Problem details: Copy out the line that contains "exists T : set" and the lines after it through the final one in the entries below, exactly, with no other lines.

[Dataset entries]

(* Suppose $\mathcal{U}$ is a compatible uniformity for a space $X$ and $\kappa$ is a cardinal. If $A\subseteq X$ is totally bounded and $\mathcal{U}$ (ordered by reverse inclusion) has calibre $(\kappa^+,\omega)$, then $w(A)\le\kappa$.
   Context: All spaces are Tychonoff. A subset $A$ is totally bounded if for every $U\in\mathcal{U}$ there is finite $F\subseteq A$ with $A\subseteq\bigcup_{x\in F}U[x]$, where $U[x]=\{y:(x,y)\in U\}$. A directed set $P$ has calibre $(\mu,\lambda)$ if every subset of $P$ of size $\mu$ contains a subset of size $\lambda$ with an upper bound in $P$. $w(A)$ is the weight (least size of a base) of $A$ as a subspace. *)

From HB Require Import structures.
From mathcomp Require Import all_boot all_order all_algebra.
From mathcomp Require Import all_classical all_reals all_analysis.
Set Implicit Arguments. Unset Strict Implicit. Unset Printing Implicit Defensive.
Local Open Scope classical_set_scope.
Local Open Scope card_scope.

(* The cardinal kappa is represented by a type K (kappa = |K|). *)

(* |S| = kappa^+  : kappa < |S| and every subset of S has size <= kappa
   or size |S|  (i.e. |S| is the least cardinal above kappa). *)
Definition card_succ_of {T : Type} (K : Type) (S : set T) : Prop :=
  ~ (S #<= [set: K]) /\
  (forall S' : set T, S' `<=` S -> S' #<= [set: K] \/ S' #= S).

Definition countably_infinite {T : Type} (S : set T) : Prop :=
  S #= [set: nat].

Definition entourage_at {X : Type} (U : set (X * X)) (x : X) : set X :=
  [set y | U (x, y)].

Definition totally_bounded_set {X : uniformType} (A : set X) : Prop :=
  forall U, entourage U ->
    exists F : set X, [/\ finite_set F, F `<=` A &
      A `<=` \bigcup_(x in F) entourage_at U x].

(* the uniformity, ordered by reverse inclusion, has calibre (kappa^+, omega):
   every subset S of size kappa^+ contains a countably infinite subset T with
   an upper bound W (i.e. W in U with W `<=` V for all V in T). *)
Definition uniformity_calibre_succ_omega (X : uniformType) (K : Type) : Prop :=
  forall S : set (set (X * X)), S `<=` entourage -> card_succ_of K S ->
    exists T : set (set (X * X)), [/\ T `<=` S, countably_infinite T &
      exists W, entourage W /\ forall V, T V -> W `<=` V].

Solution for this task:
    exists T : set (set (X * X)), [/\ T `<=` S, countably_infinite T &
      exists W, entourage W /\ forall V, T V -> W `<=` V].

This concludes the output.